Mardi soir, J. D. Vance va naviguer en terrain miné. À peine est-il choisi par Donald Trump que sa sortie sur « les vieilles filles à chats sans enfants, qui veulent rendre le pays aussi misérable qu'elles », a été largement critiquée et il a mis son boss en porte-à-faux sur l'avortement. Le sénateur de l'Ohio a également joué un rôle central dans la propagation de la fausse rumeur sur les migrants haïtiens qui mangeraient les chiens et les chats des habitants de Springfield. Sur ce point, toutefois, Donald Trump est à l'unisson et le candidat républicain semble principalement attendre de son colistier qu'il galvanise sa base.

Tim Walz, lui, a connu des débuts plus réussis. En pleine « kamalamania » après le retrait de Joe Biden, ses attaques contre les idées weird (« bizarres ») de Donald Trump et J. D. Vance sont devenues virales. Depuis, « Coach Walz » semble toutefois passé à l'arrière-plan, se contentant de jouer les cheerleaders pour Kamala Harris.

La bataille pour le vote ouvrier

« Une des dynamiques intéressantes dans ce débat est la manière dont Vance et Walz rivalisent pour attirer les électeurs blancs, principalement ruraux, du Midwest », poursuit Devine. Un attrait qui doit beaucoup à leurs origines. Tim Walz a grandi dans un village du Nebraska, a servi pendant plus de vingt ans dans la garde nationale, a été tour à tour enseignant et coach avant de se lancer dans la politique dans un comté conservateur du Minnesota, État dont il est devenu le gouverneur. J. D. Vance n'a rien à lui envier : il s'est extirpé de la misère d'une enfance dans les Appalaches ravagées par le chômage et les opiacés, a servi chez les Marines, a intégré la prestigieuse université Yale, a fait fortune dans la Silicon Valley et a été élu sénateur à 38 ans.

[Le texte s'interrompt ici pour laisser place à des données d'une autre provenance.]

(* There is a sufficiently large absolute constant $C>0$ such that the following holds. Assume $1\le d\le 10n$, and let $k_0\in[d]$, $n_0\in[n]$ satisfy $k_0n_0^2\ge Cn^2$. Then $\mathbb P(\mathcal D(k_0,n_0))\ge 1-e^{-n}$.
   Context: Let $\pi_n^1,\dots,\pi_n^d$ be independent uniformly random permutations of $[n]$. For $L\subset[d]$ and $I,J\subset[n]$ put $e_L(I,J)=\sum_{\ell\in L}\sum_{i\in I}\mathbf 1(\pi_n^\ell(i)\in J)$. The no-holes event is $$\mathcal D(k_0,n_0)=\bigcap_{L\subset[d]:|L|\ge k_0}\ \bigcap_{I,J\subset[n]:|I|,|J|\ge n_0}\Big\{e_L(I,J)\ge\frac{|L||I||J|}{2n}\Big\}.$$ *)

From HB Require Import structures.
From mathcomp Require Import all_boot all_order all_algebra all_fingroup.
From mathcomp Require Import all_classical all_reals all_analysis.
Set Implicit Arguments. Unset Strict Implicit. Unset Printing Implicit Defensive.
Import Order.TTheory GRing.Theory Num.Theory.

Definition perm_family (d n : nat) := {ffun 'I_d -> {perm 'I_n}}.

Definition eL (d n : nat) (pi : perm_family d n)
    (L : {set 'I_d}) (I J : {set 'I_n}) : nat :=
  \sum_(l in L) \sum_(i in I) (pi l i \in J).

(* The no-holes event D(k0,n0): e_L(I,J) >= |L||I||J|/(2n), i.e.
   2n * e_L(I,J) >= |L||I||J| (exact, over naturals). *)
Definition no_holes (d n k0 n0 : nat) (pi : perm_family d n) : bool :=
  [forall L : {set 'I_d}, (k0 <= #|L|) ==>
    [forall I : {set 'I_n}, forall J : {set 'I_n},
      ((n0 <= #|I|) && (n0 <= #|J|)) ==>
      (#|L| * #|I| * #|J| <= 2 * n * eL pi L I J)]].

(* Probability of an event under independent uniform permutations:
   uniform measure on the finite set of d-tuples of permutations. *)
Definition unif_prob (R : realType) (d n : nat) (E : pred (perm_family d n)) : R :=
  (#|[set pi | E pi]|%:R / #|[set: perm_family d n]|%:R)%R.
Arguments unif_prob R d n E : clear implicits.
Arguments no_holes d n k0 n0 pi : clear implicits.

From HB Require Import structures.
From mathcomp Require Import all_boot all_order all_algebra all_fingroup.
From mathcomp Require Import all_classical all_reals all_analysis.
From mathcomp Require Import unstable ring lra zify.
Import Order.TTheory GRing.Theory Num.Theory.
Set Implicit Arguments.
Unset Strict Implicit.
Unset Printing Implicit Defensive.
Local Open Scope ring_scope.

(* Fix L, I, J and put w y = exp (- [y \in J]).  Since the permutations are
   independent, E[exp (- e_L(I,J))] factorises into |L| copies of
   E[prod_(i in I) w (s i)] for a single uniform permutation s, and for a
   two-valued weight this is at most (mean w)^|I|: conditioning s x to be a
   heavy point leaves fewer heavy points for the other images (sampling
   without replacement is negatively correlated).  Hence
   E[exp (- e_L)] <= exp (- (1 - 1/e) mu) with mu = |L||I||J|/n, and the
   exponential Markov inequality bounds P(e_L < mu/2) by exp (- mu/18).  When
   k0 n0^2 >= 234 n^2 this is at most exp (- 13 n), and a union bound over
   the at most 2^(d+2n) <= e^(12n) triples (L, I, J) leaves e^(-n). *)

Section StepWeight.
Variables (R : realType) (n : nat) (K : {set 'I_n}) (c0 c1 : R).
Hypotheses (c0_ge0 : 0 <= c0) (c0_le_c1 : c0 <= c1).

Definition step_weight (y : 'I_n) : R := if y \in K then c1 else c0.
Local Notation w := step_weight.

Lemma step_weight_ge0 y : 0 <= w y.
Proof. by rewrite /w; case: ifP => // _; apply: le_trans c0_le_c1. Qed.

Lemma sum_step_weight : \sum_y w y = #|K|%:R * c1 + #|~: K|%:R * c0.
Proof.
rewrite (bigID (mem K)) /=.
have -> : \sum_(y in K) w y = \sum_(y in K) c1.
  by apply: eq_bigr => y yK; rewrite /w yK.
have -> : \sum_(y | y \notin K) w y = \sum_(y | y \notin K) c0.
  by apply: eq_bigr => y yK; rewrite /w (negbTE yK).
rewrite !sumr_const !mulr_natl; congr (_ + c0 *+ _).
by apply: eq_card => y; rewrite !inE.
Qed.

Let fiber_sum (I : {set 'I_n}) (x y : 'I_n) : R :=
  \sum_(s : {perm 'I_n} | s x == y) \prod_(i in I) w (s i).

(* Post-composing with the transposition of [y] and [y'] maps one index set
   onto the other and can only turn a factor [w y' = c0] into [w y = c1]. *)
Lemma fiber_sum_le (I : {set 'I_n}) x y y' :
  x \notin I -> y \in K -> y' \notin K -> fiber_sum I x y <= fiber_sum I x y'.
Proof.
move=> xI yK y'K; rewrite /fiber_sum.
have yy' : y != y' by apply: contraNneq y'K => <-.
rewrite [in X in _ <= X](reindex_inj (mulIg (tperm y y'))) /=.
rewrite [X in _ <= X](eq_bigl (fun s : {perm 'I_n} => s x == y)) => [|s]; last first.
  rewrite permM; apply/eqP/eqP => [h|<-]; last exact: tpermL.
  by apply: (@perm_inj _ (tperm y y')); rewrite h tpermL.
apply: ler_sum => s /eqP sx; apply: ler_prod => i iI.
rewrite step_weight_ge0 permM /=.
have siy : s i != y by rewrite -sx; apply: contraNneq xI => /perm_inj <-.
have [->|siy'] := eqVneq (s i) y'; first by rewrite tpermR /w yK (negbTE y'K).
by rewrite tpermD // eq_sym.
Qed.

Lemma fiber_sum_cross_le (I : {set 'I_n}) x : x \notin I ->
  #|~: K|%:R * \sum_(y in K) fiber_sum I x y <=
  #|K|%:R * \sum_(y in ~: K) fiber_sum I x y.
Proof.
move=> xI; rewrite !mulr_sumr.
rewrite (eq_bigr (fun y => \sum_(y' in ~: K) fiber_sum I x y)) => [|y _].
  rewrite [X in _ <= X](eq_bigr (fun y' => \sum_(y in K) fiber_sum I x y')).
    rewrite exchange_big /=; apply: ler_sum => y' y'K; apply: ler_sum => y yK.
    by apply: fiber_sum_le => //; rewrite -finset.in_setC.
  by move=> y' _; rewrite sumr_const mulr_natl.
by rewrite sumr_const mulr_natl.
Qed.

Lemma sum_perm_weight_mul_le (I : {set 'I_n}) x : x \notin I ->
  \sum_(s : {perm 'I_n}) w (s x) * \prod_(i in I) w (s i) <=
  ((\sum_y w y) / n%:R) * \sum_(s : {perm 'I_n}) \prod_(i in I) w (s i).
Proof.
move=> xI.
have n_gt0 : 0 < n%:R :> R by rewrite ltr0n; case: n x {xI} => [[]|].
have split_K (F : 'I_n -> R) : \sum_y F y = \sum_(y in K) F y + \sum_(y in ~: K) F y.
  by rewrite (bigID (mem K)) /=; congr (_ + _); apply: eq_bigl => y; rewrite !inE.
rewrite sum_step_weight !(partition_big (fun s : {perm 'I_n} => s x) predT) //= !split_K.
rewrite [X in X + _ <= _](eq_bigr (fun y => c1 * fiber_sum I x y)) => [|y yK]; last first.
  by rewrite mulr_sumr; apply: eq_bigr => s /eqP ->; rewrite /w yK.
rewrite [X in _ + X <= _](eq_bigr (fun y => c0 * fiber_sum I x y)) => [|y]; last first.
  rewrite inE => yK; rewrite mulr_sumr; apply: eq_bigr => s /eqP ->.
  by rewrite /w (negbTE yK).
rewrite -!mulr_sumr mulrAC ler_pdivlMr //.
have card_n : n%:R = #|K|%:R + #|~: K|%:R :> R by rewrite -natrD cardsC card_ord.
rewrite [X in _ <= _ * (X + _)](eq_bigr (fiber_sum I x)) //.
rewrite [X in _ <= _ * (_ + X)](eq_bigr (fiber_sum I x)) // card_n.
have cross := fiber_sum_cross_le xI; rewrite -subr_ge0 in cross.
have c1_c0 : 0 <= c1 - c0 by rewrite subr_ge0.
have := mulr_ge0 c1_c0 cross; lra.
Qed.

Lemma sum_perm_prod_weight_le (I : {set 'I_n}) :
  \sum_(s : {perm 'I_n}) \prod_(i in I) w (s i) <=
  n`!%:R * ((\sum_y w y) / n%:R) ^+ #|I|.
Proof.
have mean_ge0 : 0 <= (\sum_y w y) / n%:R.
  by rewrite divr_ge0 // sumr_ge0 // => y _; apply: step_weight_ge0.
move cardI: #|I| => m; elim: m I cardI => [|m IHm] I cardI.
  move/eqP: cardI; rewrite cards_eq0 => /eqP ->.
  rewrite (eq_bigr (fun=> 1)) => [|s]; last by rewrite big_set0.
  by rewrite sumr_const card_Sn mulr1.
have [x xI] : {x | x \in I} by apply/sigW/set0Pn; rewrite -card_gt0 cardI.
rewrite (eq_bigr (fun s : {perm 'I_n} => w (s x) * \prod_(i in I :\ x) w (s i)));
  last by move=> s _; rewrite (big_setD1 x).
apply: le_trans (sum_perm_weight_mul_le (x := x) (I := I :\ x) _) _.
  by rewrite !inE eqxx.
rewrite exprS mulrCA ler_wpM2l // IHm //.
by move: cardI; rewrite (cardsD1 x) xI add1n => -[].
Qed.
End StepWeight.

Section ExpBounds.
Variable R : realType.

Lemma card_le_mul_expR_le (T : finType) (f : T -> R) a :
  #|[set t | f t <= a]|%:R * expR (- a) <= \sum_t expR (- f t).
Proof.
rewrite mulrC mulr_natr -sumr_const.
apply: le_trans (_ : \sum_(t in [set t | f t <= a]) expR (- f t) <= _).
  by apply: ler_sum => t; rewrite inE ler_expR lerN2.
rewrite [X in _ <= X](bigID (mem [set t | f t <= a])) /= lerDl.
by apply: sumr_ge0 => t _; apply: expR_ge0.
Qed.

Lemma expRN1_le : expR (-1) <= 4 / 9 :> R.
Proof.
have sqrt_e : 3 / 2 <= expR (1 / 2) :> R by have := expR_ge1Dx (1 / 2 : R); lra.
have e_ge : 9 / 4 <= expR 1 :> R.
  have -> : expR 1 = expR (1 / 2) * expR (1 / 2) :> R.
    by rewrite -expRD; congr expR; lra.
  by nra.
rewrite expRN -(ler_pM2r (expR_gt0 1)) mulVf ?gt_eqF ?expR_gt0 //.
by have := expR_gt0 (1 : R); nra.
Qed.
End ExpBounds.

Section HoleTail.
Variables (R : realType) (d n : nat) (L : {set 'I_d}) (I J : {set 'I_n}).

Let wJ : 'I_n -> R := step_weight (~: J) (expR (-1)) 1.

Let expRN1_ge0 : 0 <= expR (-1) :> R := expR_ge0 _.
Let expRN1_le1 : expR (-1) <= 1 :> R.
Proof. by rewrite expR_le1 lerN10. Qed.

Lemma expR_eL (pi : perm_family d n) :
  expR (- (eL pi L I J)%:R) = \prod_(l in L) \prod_(i in I) wJ (pi l i).
Proof.
rewrite /eL natr_sum -sumrN expR_sum; apply: eq_bigr => l _.
rewrite natr_sum -sumrN expR_sum; apply: eq_bigr => i _.
by rewrite /wJ /step_weight !inE; case: (pi l i \in J); rewrite ?oppr0 ?expR0.
Qed.

Lemma sum_expR_eL_le :
  \sum_(pi : perm_family d n) expR (- (eL pi L I J)%:R) <=
  n`!%:R ^+ d * ((\sum_y wJ y) / n%:R) ^+ (#|L| * #|I|).
Proof.
under eq_bigr do rewrite expR_eL big_mkcond.
rewrite -(bigA_distr_bigA (fun l (s : {perm 'I_n}) =>
  if l \in L then \prod_(i in I) wJ (s i) else 1)) /=.
set m := (\sum_y wJ y) / n%:R.
apply: le_trans (_ : _ <= \prod_(l < d) (n`!%:R * (if l \in L then m ^+ #|I| else 1))) _.
  apply: ler_prod => l _; apply/andP; split.
    apply: sumr_ge0 => s _; case: ifP => // _; apply: prodr_ge0 => i _.
    exact: step_weight_ge0.
  case: ifP => _; first exact: sum_perm_prod_weight_le.
  by rewrite sumr_const card_Sn mulr1.
by rewrite big_split /= prodr_const card_ord -big_mkcond /= prodr_const -exprM mulnC.
Qed.

Lemma mean_wJ_le : (0 < n)%N ->
  (\sum_y wJ y) / n%:R <= expR (- (1 - expR (-1)) * (#|J|%:R / n%:R)).
Proof.
move=> n_gt0.
have card_CJ : #|~: J|%:R = n%:R - #|J|%:R :> R.
  by apply/eqP; rewrite eq_sym subr_eq -natrD addnC cardsC card_ord.
suff -> : (\sum_y wJ y) / n%:R = 1 + - (1 - expR (-1)) * (#|J|%:R / n%:R).
  exact: expR_ge1Dx.
rewrite sum_step_weight finset.setCK card_CJ.
by field; rewrite pnatr_eq0 -lt0n.
Qed.

Lemma card_eL_lt_le : (0 < n)%N ->
  #|[set pi : perm_family d n | (2 * n * eL pi L I J < #|L| * #|I| * #|J|)%N]|%:R <=
  n`!%:R ^+ d * expR (- ((#|L| * #|I| * #|J|)%:R / n%:R) / 18) :> R.
Proof.
move=> n_gt0; set mu : R := (_ * _ * _)%:R / n%:R.
have nR : 0 < n%:R :> R by rewrite ltr0n.
have mu_ge0 : 0 <= mu by rewrite divr_ge0.
have sub_small : [set pi : perm_family d n |
    (2 * n * eL pi L I J < #|L| * #|I| * #|J|)%N] \subset
    [set pi | (eL pi L I J)%:R <= mu / 2].
  apply/fintype.subsetP => pi; rewrite !inE => /ltnW.
  rewrite -(ler_nat R) !natrM => lt_mu.
  by rewrite /mu !ler_pdivlMr // !natrM; lra.
rewrite -(ler_pM2r (expR_gt0 (- (mu / 2)))).
apply: le_trans (_ : _ <=
  #|[set pi | (eL pi L I J)%:R <= mu / 2]|%:R * expR (- (mu / 2))) _.
  by rewrite ler_pM2r ?expR_gt0 // ler_nat subset_leq_card.
apply: le_trans (card_le_mul_expR_le _ _) _.
apply: le_trans sum_expR_eL_le _.
rewrite -mulrA ler_wpM2l ?exprn_ge0 ?ler0n //.
apply: le_trans (_ : _ <= expR (- (1 - expR (-1)) * (#|J|%:R / n%:R)) ^+ (#|L| * #|I|)) _.
  apply: lerXn2r; rewrite ?nnegrE ?expR_ge0 ?mean_wJ_le //.
  by rewrite divr_ge0 // sumr_ge0 // => y _; apply: step_weight_ge0.
rewrite -expRM_natr -mulrA.
have -> : #|J|%:R / n%:R * (#|L| * #|I|)%:R = mu.
  by rewrite /mu !natrM; field; rewrite gt_eqF.
rewrite -expRD ler_expR.
(* 1 - e^-1 - 1/2 >= 1/18 because e^-1 <= 4/9. *)
have gap : 0 <= (4 / 9 - expR (-1)) * mu by rewrite mulr_ge0 // subr_ge0 expRN1_le.
lra.
Qed.
End HoleTail.

Section NoHoles.
Variables (R : realType) (d n k0 n0 : nat).

Let triple := ({set 'I_d} * ({set 'I_n} * {set 'I_n}))%type.

Let large (t : triple) :=
  [&& k0 <= #|t.1|, n0 <= #|t.2.1| & n0 <= #|t.2.2|]%N.

Let holes (t : triple) := [set pi : perm_family d n |
  (2 * n * eL pi t.1 t.2.1 t.2.2 < #|t.1| * #|t.2.1| * #|t.2.2|)%N].

Lemma not_no_holes_sub :
  [set pi | ~~ no_holes d n k0 n0 pi] \subset \bigcup_(t | large t) holes t.
Proof.
apply/fintype.subsetP => pi; rewrite inE => /forallPn[L].
rewrite negb_imply => /andP[k0_L /forallPn[I /forallPn[J]]].
rewrite negb_imply -ltnNge => /andP[/andP[n0_I n0_J] hole].
by apply/bigcupP; exists (L, (I, J)); rewrite /large ?inE /= ?k0_L ?n0_I ?n0_J.
Qed.

Lemma card_triple_le : (d <= 10 * n)%N -> #|{: triple}|%:R <= expR (12 * n%:R) :> R.
Proof.
move=> d_le.
have card_set (T : finType) : #|{: {set T}}| = (2 ^ #|T|)%N.
  by have := card_powerset [set: T]; rewrite powersetT !cardsT.
rewrite !card_prod !card_set !card_ord -!expnD natrX.
apply: (@le_trans _ _ (2 ^+ (12 * n))).
  have le12 : (d + (n + n) <= 12 * n)%N by lia.
  by rewrite ler_eXn2l ?ltr1n.
rewrite -[12 * n%:R]mulr1 -natrM expRM_natl lerXn2r ?nnegrE ?expR_ge0 //.
by have := expR_ge1Dx (1 : R); lra.
Qed.

Lemma card_large_holes_le t : (0 < n)%N ->
  234 * n%:R ^+ 2 <= (k0 * n0 ^ 2)%:R :> R -> large t ->
  #|holes t|%:R <= n`!%:R ^+ d * expR (- (13 * n%:R)) :> R.
Proof.
case: t => L [I J] n_gt0 k0_n0 /and3P[/= k0_L n0_I n0_J].
have nR : 0 < n%:R :> R by rewrite ltr0n.
have : (k0 * n0 ^ 2 <= #|L| * #|I| * #|J|)%N.
  by rewrite -mulnA leq_mul // expnS expn1 leq_mul.
rewrite -(ler_nat R) => LIJ_ge.
apply: le_trans (card_eL_lt_le R L I J n_gt0) _.
rewrite ler_wpM2l ?exprn_ge0 ?ler0n // ler_expR mulNr lerN2 !ler_pdivlMr //.
by move: k0_n0 LIJ_ge; rewrite !natrM => *; nra.
Qed.

Lemma card_not_no_holes_le : (0 < n)%N -> (d <= 10 * n)%N ->
  234 * n%:R ^+ 2 <= (k0 * n0 ^ 2)%:R :> R ->
  #|[set pi | ~~ no_holes d n k0 n0 pi]|%:R <= n`!%:R ^+ d * expR (- n%:R) :> R.
Proof.
move=> n_gt0 d_le k0_n0; set B : R := n`!%:R ^+ d * expR (- (13 * n%:R)).
apply: le_trans (_ : _ <= \sum_(t | large t) (#|holes t|%:R : R)) _.
  rewrite -natr_sum ler_nat (leq_trans (subset_leq_card not_no_holes_sub)) //.
  exact: card_big_setU.
apply: le_trans (_ : _ <= \sum_(t : triple) B) _.
  rewrite [X in _ <= X](bigID large) /= -[X in X <= _]addr0 lerD //.
    by apply: ler_sum => t; apply: card_large_holes_le.
  by apply: sumr_ge0 => t _; rewrite mulr_ge0 ?exprn_ge0 ?expR_ge0.
have -> : \sum_(t : triple) B = #|{: triple}|%:R * B by rewrite sumr_const mulr_natl.
rewrite /B mulrCA ler_wpM2l ?exprn_ge0 ?ler0n //.
apply: le_trans (ler_wpM2r (expR_ge0 _) (card_triple_le d_le)) _.
by rewrite -expRD ler_expR; lra.
Qed.
End NoHoles.

Lemma unif_prob_ge (R : realType) d n (E : pred (perm_family d n)) p :
  #|[set pi | ~~ E pi]|%:R <= n`!%:R ^+ d * p -> 1 - p <= unif_prob R d n E.
Proof.
have card_all : #|[set: perm_family d n]|%:R = n`!%:R ^+ d :> R.
  by rewrite cardsT card_ffun card_Sn card_ord natrX.
have card_E : #|[set pi | E pi]|%:R = n`!%:R ^+ d - #|[set pi | ~~ E pi]|%:R :> R.
  have -> : [set pi | ~~ E pi] = ~: [set pi | E pi] by apply/setP => pi; rewrite !inE.
  by rewrite -card_all cardsT -(cardsC [set pi | E pi]) natrD addrK.
have all_gt0 : 0 < n`!%:R ^+ d :> R by rewrite exprn_gt0 // ltr0n fact_gt0.
by rewrite /unif_prob card_all ler_pdivlMr // card_E; lra.
Qed.

Theorem lemma4p1 (R : realType) :
  exists C : R, 0 < C /\
    forall (n d k0 n0 : nat),
      (1 <= d)%N -> (d <= 10 * n)%N ->
      (1 <= k0 <= d)%N -> (1 <= n0 <= n)%N ->
      C * (n%:R) ^+ 2 <= (k0 * n0 ^ 2)%:R ->
      1 - expR (- (n%:R)) <= unif_prob R d n (no_holes d n k0 n0).
Proof.
exists 234; split=> // n d k0 n0 _ d_le _ /andP[n0_gt0 n0_le] k0_n0.
apply: unif_prob_ge; apply: card_not_no_holes_le => //.
exact: leq_trans n0_le.
Qed.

Les recherches de Christopher Devine, publiées avec Kyle Kopko dans l'ouvrage Do Running Mates Matter ?, montrent toutefois que « les colistiers ne gagnent généralement pas de votes parmi les personnes partageant leur identité géographique ou démographique. Mais Kamala Harris espère que Walz pourra s'adresser à ces électeurs et les convaincre qu'elle défendra leurs intérêts ». Une mission cruciale alors que la démocrate est particulièrement à la peine chez les hommes qui n'ont pas fait d'études supérieures et que le vote des ouvriers pèsera lourd dans les trois États qui pourraient lui permettre de remporter l'élection : la Pennsylvanie, le Michigan et le Wisconsin.

Attention, prévient Aaron Kall, directeur des débats à l'université du Michigan : « J. D. Vance a une grande expérience médiatique, même face à des intervieweurs hostiles. Il ne fuit pas les controverses politiques et redouble souvent d'efforts lorsqu'il est attaqué. » Et, alors que ce débat sera sans doute le dernier de la campagne, les points marqués compteront double.